Lines to restate from the data below: from the one containing "(KL (ptraj (H:=H) E' pi theta1)" to the one containing "exists N : nat, forall", both included. Give them again exactly, and only them.
----------------------------------------
(* Let $\Delta\in(0,1]$. There exist an MDP and a parameter space $\Theta=\{\theta_1,\theta_2\}$ with $D_{\mathrm{KL}}(p_{\theta_1}\|p_{\theta_2})<\infty$, $D_{\mathrm{KL}}(p_{\theta_2}\|p_{\theta_1})<\infty$ and $J(\theta_1)-J(\theta_2)=\Delta$ such that, for sufficiently large $n$, every algorithm for the online policy optimization problem suffers expected regret $\mathbb{E}R(n)\ge \frac{1}{32\Delta}$.
   Context: An MDP with state space $\mathcal S$, action space $\mathcal A$, transition kernel $P$, initial-state distribution $\mu$, reward function and horizon $H$ generates trajectories $\tau=(s_0,a_0,\dots,s_{H-1},a_{H-1})$ with return $\mathcal R(\tau)$. A parametric policy $\pi_\theta(\cdot|s)$, $\theta\in\Theta$, induces the trajectory distribution $p_\theta(\tau)=\mu(s_0)\prod_{h=0}^{H-1}\pi_\theta(a_h|s_h)P(s_{h+1}|s_h,a_h)$, and its expected return is $J(\theta)=\mathbb E_{\tau\sim p_\theta}[\mathcal R(\tau)]$. Online policy optimization (with mediator feedback): at each round $t=1,\dots,n$ the algorithm selects $\theta_t\in\Theta$ as a (possibly randomized) function of the history $\{(\theta_i,\tau_i,\mathcal R(\tau_i))\}_{i<t}$, executes $\pi_{\theta_t}$, and observes a trajectory $\tau_t\sim p_{\theta_t}$ and its return $\mathcal R(\tau_t)$. With $J^*=\sup_{\theta\in\Theta}J(\theta)$ and $\Delta(\theta)=J^*-J(\theta)$, the regret is $R(n)=\sum_{t=1}^n\Delta(\theta_t)$. $D_{\mathrm{KL}}$ denotes the Kullback–Leibler divergence. *)

From HB Require Import structures.
From mathcomp Require Import all_boot all_order all_algebra.
From mathcomp Require Import all_classical all_reals all_analysis.
Set Implicit Arguments. Unset Strict Implicit. Unset Printing Implicit Defensive.
Import Order.TTheory GRing.Theory Num.Theory.
Local Open Scope ring_scope.

Section MDP.
Variables (R : realType) (S A : finType) (H : nat).

Definition is_dist (T : finType) (p : T -> R) : Prop :=
  (forall x, 0 <= p x) /\ \sum_(x : T) p x = 1.

Record env := Env {
  mu  : S -> R;
  trP : S -> A -> S -> R;
  rew : S -> A -> R }.

Definition valid_env (E : env) : Prop :=
  is_dist (mu E) /\ (forall s a, is_dist (trP E s a)).

Definition theta1 : bool := true.
Definition theta2 : bool := false.

Definition valid_policy (pi : bool -> S -> A -> R) : Prop :=
  forall th s, is_dist (pi th s).

Definition traj := (H.-tuple (S * A))%type.

Fixpoint trans_prod (E : env) (l : seq (S * A)) : R :=
  match l with
  | x :: ((y :: _) as l') => trP E x.1 x.2 y.1 * trans_prod E l'
  | _ => 1
  end.

Definition init_prob (E : env) (l : seq (S * A)) : R :=
  match l with x :: _ => mu E x.1 | [::] => 1 end.

(* p_theta(tau) = mu(s_0) prod_h pi_theta(a_h|s_h) P(s_{h+1}|s_h,a_h)
   (transitions out of the last step are marginalised out) *)
Definition ptraj (E : env) (pi : bool -> S -> A -> R) (th : bool) (tau : traj) : R :=
  init_prob E tau * (\prod_(x <- tau) pi th x.1 x.2) * trans_prod E tau.

Definition ret (E : env) (tau : traj) : R := \sum_(x <- tau) rew E x.1 x.2.

Definition J (E : env) pi (th : bool) : R :=
  \sum_(tau : traj) ptraj E pi th tau * ret E tau.

Definition Jstar (E : env) pi : R := Num.max (J E pi theta1) (J E pi theta2).

Definition gap (E : env) pi (th : bool) : R := Jstar E pi - J E pi th.

Definition KL (p q : traj -> R) : \bar R :=
  (\sum_(tau : traj)
     (if p tau == 0%R then 0%E
      else if q tau == 0%R then +oo%E
      else (p tau * ln (p tau / q tau))%:E))%E.

Definition history := seq (bool * traj * R).

(* randomized algorithm: distribution of theta_t given the history *)
Definition algorithm := history -> bool -> R.

Definition valid_alg (alg : algorithm) : Prop := forall h, is_dist (alg h).

Fixpoint exp_regret_from (E : env) pi (alg : algorithm) (k : nat) (h : history) : R :=
  match k with
  | 0 => 0
  | k'.+1 =>
      \sum_(th : bool) alg h th *
        (gap E pi th +
         \sum_(tau : traj) ptraj E pi th tau *
            exp_regret_from E pi alg k' (rcons h (th, tau, ret E tau)))
  end.

Definition exp_regret (E : env) pi (alg : algorithm) (n : nat) : R :=
  exp_regret_from E pi alg n [::].

End MDP.

(* Two environments share a rare state, reached with probability eps, in which
   action true earns c and action false earns -c; the sign of c is flipped
   between the environments, and the other state earns nothing.  Parameter th
   plays action th with probability 3/4, so each environment has a gap
   Delta = eps c between the two parameters, and every trajectory has positive
   probability under both parameters, whence finite KL divergences.  Whatever
   the algorithm plays, it pays Delta in one of the two environments, and it
   can tell them apart only after visiting the rare state: by induction on the
   horizon, the two expected regrets over n >= m rounds add up to at least
   Delta m (1 - m eps).  Taking m = N > Delta^-2 and eps = 1/(2N) makes this
   sum at least Delta N / 2 >= 1 / (2 Delta). *)

From HB Require Import structures.
From mathcomp Require Import all_boot all_order all_algebra.
From mathcomp Require Import all_classical all_reals all_analysis.
From mathcomp Require Import ring lra.
Import Order.TTheory GRing.Theory Num.Theory.
Set Implicit Arguments. Unset Strict Implicit. Unset Printing Implicit Defensive.
Local Open Scope ring_scope.

Section Trajectories.
Variables (R : realType) (S A : finType) (H : nat).
Implicit Types (E : env R S A) (pi : bool -> S -> A -> R).

Lemma trans_prod_ge0 E (l : seq (S * A)) :
  valid_env E -> 0 <= trans_prod E l.
Proof.
case=> _ trP_dist; elim: l => [|x [|y l] IH] //=.
by apply: mulr_ge0 => //; case: (trP_dist x.1 x.2) => ->.
Qed.

Lemma ptraj_ge0 E pi th (tau : traj S A H) :
  valid_env E -> valid_policy pi -> 0 <= ptraj E pi th tau.
Proof.
move=> E_ok pi_ok; apply: mulr_ge0; last exact: trans_prod_ge0.
apply: mulr_ge0; last by apply: prodr_ge0 => x _; case: (pi_ok th x.1) => ->.
by case: E_ok => -[mu_ge0 _] _; case: (tval tau) => [|x l] //=.
Qed.

Lemma gap_ge0 E pi th : 0 <= gap H E pi th.
Proof. by rewrite subr_ge0 /Jstar le_max; case: th; rewrite lexx ?orbT. Qed.

Lemma KL_lt_pinfty (p q : traj S A H -> R) :
  (forall tau, p tau != 0 -> q tau != 0) -> (KL p q < +oo)%E.
Proof.
move=> supp_pq; rewrite /KL.
rewrite (eq_bigr (fun tau => (if p tau == 0 then 0 else p tau * ln (p tau / q tau))%:E)).
  by rewrite sumEFin ltry.
by move=> tau _; case: eqP => [//|/eqP /supp_pq /negbTE ->].
Qed.

Lemma exp_regret_from_ge0 E pi (alg : algorithm R S A H) k h :
  valid_env E -> valid_policy pi -> valid_alg alg ->
  0 <= exp_regret_from E pi alg k h.
Proof.
move=> E_ok pi_ok alg_ok; elim: k h => [|k IH] h //=.
apply: sumr_ge0 => th _; apply: mulr_ge0; first by case: (alg_ok h) => ->.
apply: addr_ge0; first exact: gap_ge0.
by apply: sumr_ge0 => tau _; apply: mulr_ge0; [exact: ptraj_ge0 | exact: IH].
Qed.

End Trajectories.

Lemma regret_bound_step (R : realFieldType) (Delta eps m : R) :
  0 <= Delta -> 0 <= eps -> 0 <= m ->
  Delta * (m + 1) * (1 - (m + 1) * eps) <=
  Delta + (1 - eps) * (Delta * m * (1 - m * eps)).
Proof.
move=> Delta_ge0 eps_ge0 m_ge0; rewrite -subr_ge0.
have -> : Delta + (1 - eps) * (Delta * m * (1 - m * eps)) -
          Delta * (m + 1) * (1 - (m + 1) * eps) =
          Delta * (m ^+ 2 * eps ^+ 2 + m * eps + eps) by ring.
by apply: mulr_ge0 => //; rewrite !addr_ge0 // ?mulr_ge0 // exprn_ge0.
Qed.

Section TwoIndistinguishableEnvironments.
Variables (R : realType) (S A : finType) (H : nat).
Variables (E E' : env R S A) (pi : bool -> S -> A -> R) (alg : algorithm R S A H).
Hypotheses (E_ok : valid_env E) (E'_ok : valid_env E').
Hypotheses (pi_ok : valid_policy pi) (alg_ok : valid_alg alg).
Hypothesis ptrajE' :
  forall th (tau : traj S A H), ptraj E' pi th tau = ptraj E pi th tau.
Variables (Delta eps : R) (silent : pred (traj S A H)).
Hypotheses (Delta_ge0 : 0 <= Delta) (eps_ge0 : 0 <= eps).
Hypothesis gapDE' : forall th, gap H E pi th + gap H E' pi th = Delta.
Hypothesis ret_silent :
  forall tau : traj S A H, silent tau -> ret E tau = ret E' tau.
Hypothesis prob_silent :
  forall th, \sum_(tau : traj S A H) ptraj E pi th tau * (silent tau)%:R = 1 - eps.

(* Each round costs gap E + gap E' = Delta in total, and a silent trajectory
   extends the history identically in both environments, so the induction
   hypothesis bounds the sum of the two continuation regrets. *)
Lemma exp_regret_from_sum_ge k h m : (m <= k)%N ->
  Delta * m%:R * (1 - m%:R * eps) <=
  exp_regret_from E pi alg k h + exp_regret_from E' pi alg k h.
Proof.
have regret_ge0 k' h1 h2 :
    0 <= exp_regret_from E pi alg k' h1 + exp_regret_from E' pi alg k' h2.
  by apply: addr_ge0; apply: exp_regret_from_ge0.
elim: k h m => [|k IH] h [|m] // m_le_k.
1,2: by rewrite mulr0 mul0r; apply: regret_ge0.
rewrite -natr1; apply: le_trans (regret_bound_step Delta_ge0 eps_ge0 (ler0n _ m)) _.
set B := Delta * m%:R * _; have [alg_ge0 alg_sum1] := alg_ok h.
rewrite /= -big_split -[leLHS]mul1r -{1}alg_sum1 mulr_suml.
apply: ler_sum => th _ /=; rewrite -mulrDr; apply: ler_wpM2l; first exact: alg_ge0.
rewrite addrACA gapDE' lerD2l -(prob_silent th) mulr_suml -big_split.
apply: ler_sum => tau _ /=; rewrite ptrajE' -mulrA -mulrDr.
apply: ler_wpM2l; first exact: ptraj_ge0.
case silent_tau: (silent tau); last by rewrite mul0r; apply: regret_ge0.
by rewrite mul1r -(ret_silent silent_tau); apply: IH.
Qed.

End TwoIndistinguishableEnvironments.

Lemma sum_traj1 (V : nmodType) (S A : finType) (F : traj S A 1 -> V) :
  \sum_(tau : traj S A 1) F tau = \sum_(s : S) \sum_(a : A) F [tuple (s, a)].
Proof.
rewrite pair_bigA (reindex (fun x : S * A => [tuple x])) /=.
  by apply: eq_bigr => -[].
exists (@thead 0 _) => // tau _.
by apply: val_inj; case: tau => -[|x []].
Qed.

Section HorizonOne.
Variables (R : realType) (S A : finType) (E : env R S A).

Lemma ptraj_horizon1 pi th (tau : traj S A 1) :
  ptraj E pi th tau = mu E (thead tau).1 * pi th (thead tau).1 (thead tau).2.
Proof. by case: tau => -[|x []] //= ?; rewrite /ptraj /= big_seq1 mulr1. Qed.

Lemma ret_horizon1 (tau : traj S A 1) : ret E tau = rew E (thead tau).1 (thead tau).2.
Proof. by case: tau => -[|x []] //= ?; rewrite /ret /= big_seq1. Qed.

End HorizonOne.

Section RareStateEnvironment.
Variables (R : realType) (eps : R).

Definition bias_policy (th s a : bool) : R := if a == th then 3/4 else 1/4.

Definition coin (s : bool) : R := if s then eps else 1 - eps.

Definition signed_reward (c : R) (s a : bool) : R :=
  if s then (if a then c else - c) else 0.

Definition rare_state_env (c : R) : env R bool bool :=
  Env coin (fun _ _ => coin) (signed_reward c).

Lemma bias_policy_valid : valid_policy bias_policy.
Proof.
move=> th s; split; first by move=> a; rewrite /bias_policy; case: ifP => _; lra.
by rewrite big_bool /bias_policy; case: th => /=; lra.
Qed.

Hypotheses (eps_gt0 : 0 < eps) (eps_lt1 : eps < 1).

Lemma rare_state_env_valid c : valid_env (rare_state_env c).
Proof.
have coin_dist : is_dist coin.
  by split; [case; rewrite /= ?subr_ge0 ltW | rewrite big_bool /= addrC subrK].
by split=> //.
Qed.

Lemma ptraj_rare_state_env_gt0 c th (tau : traj bool bool 1) :
  0 < ptraj (rare_state_env c) bias_policy th tau.
Proof.
rewrite ptraj_horizon1 /= /coin /bias_policy.
by apply: mulr_gt0; case: ifP => _; rewrite ?subr_gt0 //; lra.
Qed.

Lemma J_rare_state_env c th :
  J 1 (rare_state_env c) bias_policy th = if th then eps * c / 2 else - (eps * c / 2).
Proof.
rewrite /J sum_traj1 big_bool !big_bool.
rewrite !ptraj_horizon1 !ret_horizon1 /= /coin /bias_policy /signed_reward /=.
by case: th => /=; field.
Qed.

Lemma gap_rare_state_env_add c th : 0 <= c ->
  gap 1 (rare_state_env c) bias_policy th +
  gap 1 (rare_state_env (- c)) bias_policy th = eps * c.
Proof.
move=> c_ge0; have ec_ge0 := mulr_ge0 (ltW eps_gt0) c_ge0.
rewrite /gap /Jstar !J_rare_state_env /theta1 /theta2 /= mulrN mulNr opprK.
by rewrite max_l ?max_r; [case: th; lra | lra | lra].
Qed.

Definition silent_traj (tau : traj bool bool 1) : bool := ~~ (thead tau).1.

Lemma ret_rare_state_env_silent c c' (tau : traj bool bool 1) : silent_traj tau ->
  ret (rare_state_env c) tau = ret (rare_state_env c') tau.
Proof. by rewrite /silent_traj !ret_horizon1 /=; case: (thead tau).1. Qed.

Lemma prob_rare_state_env_silent c th :
  \sum_(tau : traj bool bool 1)
    ptraj (rare_state_env c) bias_policy th tau * (silent_traj tau)%:R = 1 - eps.
Proof.
rewrite sum_traj1 big_bool !big_bool !ptraj_horizon1 /= /coin /bias_policy /silent_traj /=.
by case: th => /=; field.
Qed.

Lemma rare_state_env_regret_sum_ge c (alg : algorithm R bool bool 1) n m :
  0 <= c -> valid_alg alg -> (m <= n)%N ->
  eps * c * m%:R * (1 - m%:R * eps) <=
  exp_regret (rare_state_env c) bias_policy alg n +
  exp_regret (rare_state_env (- c)) bias_policy alg n.
Proof.
move=> c_ge0 alg_ok.
apply: exp_regret_from_sum_ge => //.
- exact: rare_state_env_valid.
- exact: rare_state_env_valid.
- exact: bias_policy_valid.
- by move=> th tau; rewrite !ptraj_horizon1.
- exact: mulr_ge0 (ltW eps_gt0) c_ge0.
- exact: ltW.
- by move=> th; apply: gap_rare_state_env_add.
- by move=> tau; apply: ret_rare_state_env_silent.
- by move=> th; apply: prob_rare_state_env_silent.
Qed.

End RareStateEnvironment.

Lemma max_ge_half_add (R : realFieldType) (x a b : R) :
  x <= a + b -> x / 2 <= Num.max a b.
Proof.
by move=> x_le; rewrite le_max; case: (leP a b) => ?; apply/orP; [right | left]; lra.
Qed.

Theorem theorem1 (R : realType) (Delta : R) :
  0 < Delta <= 1 ->
  exists (S A : finType) (H : nat) (pi : bool -> S -> A -> R) (E E' : env R S A),
    [/\ (0 < H)%N, valid_policy pi, valid_env E & valid_env E'] /\
    [/\ (KL (ptraj (H:=H) E pi theta1) (ptraj E pi theta2) < +oo)%E,
        (KL (ptraj (H:=H) E pi theta2) (ptraj E pi theta1) < +oo)%E,
        (KL (ptraj (H:=H) E' pi theta1) (ptraj E' pi theta2) < +oo)%E &
        (KL (ptraj (H:=H) E' pi theta2) (ptraj E' pi theta1) < +oo)%E] /\
    J H E pi theta1 - J H E pi theta2 = Delta /\
    J H E' pi theta2 - J H E' pi theta1 = Delta /\
    exists N : nat, forall n : nat, (N <= n)%N ->
      forall alg : algorithm R S A H, valid_alg alg ->
        1 / (32 * Delta) <= Num.max (exp_regret E pi alg n) (exp_regret E' pi alg n).
Proof.
case/andP=> Delta_gt0 _.
pose N := (Num.truncn (Delta ^-2)).+1.
have N_gt : Delta ^-2 < N%:R by apply: truncnS_gt.
have N_ge1 : 1 <= N%:R :> R by rewrite ler1n.
pose eps : R := (2 * N%:R)^-1.
have eps_gt0 : 0 < eps by rewrite invr_gt0; lra.
have N_eps : N%:R * eps = 1 / 2 by rewrite /eps; field; lra.
have eps_lt1 : eps < 1 by nra.
pose c := Delta / eps.
have eps_c : eps * c = Delta by rewrite /c; field; lra.
have c_ge0 : 0 <= c by rewrite divr_ge0 ?ltW.
exists bool, bool, 1%N, (@bias_policy R), (rare_state_env eps c), (rare_state_env eps (- c)).
split; first by split; [| exact: bias_policy_valid | exact: rare_state_env_valid ..].
split.
  by split; apply: KL_lt_pinfty => tau _; rewrite gt_eqF ?ptraj_rare_state_env_gt0.
rewrite !J_rare_state_env /theta1 /theta2 /= mulrN eps_c.
split; first by field.
split; first by field.
exists N => n N_le_n alg alg_ok.
have := rare_state_env_regret_sum_ge eps_gt0 eps_lt1 c_ge0 alg_ok N_le_n.
rewrite eps_c N_eps => /max_ge_half_add; apply: le_trans.
have : 1 <= Delta ^+ 2 * N%:R.
  by rewrite -ler_pdivrMl ?exprn_gt0 // mulr1 ltW.
rewrite ler_pdivrMr; nra.
Qed.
----------------------------------------
■ SOLUTION FOR THIS EXERCISE ■
        (KL (ptraj (H:=H) E' pi theta1) (ptraj E' pi theta2) < +oo)%E &
        (KL (ptraj (H:=H) E' pi theta2) (ptraj E' pi theta1) < +oo)%E] /\
    J H E pi theta1 - J H E pi theta2 = Delta /\
    J H E' pi theta2 - J H E' pi theta1 = Delta /\
    exists N : nat, forall n : nat, (N <= n)%N ->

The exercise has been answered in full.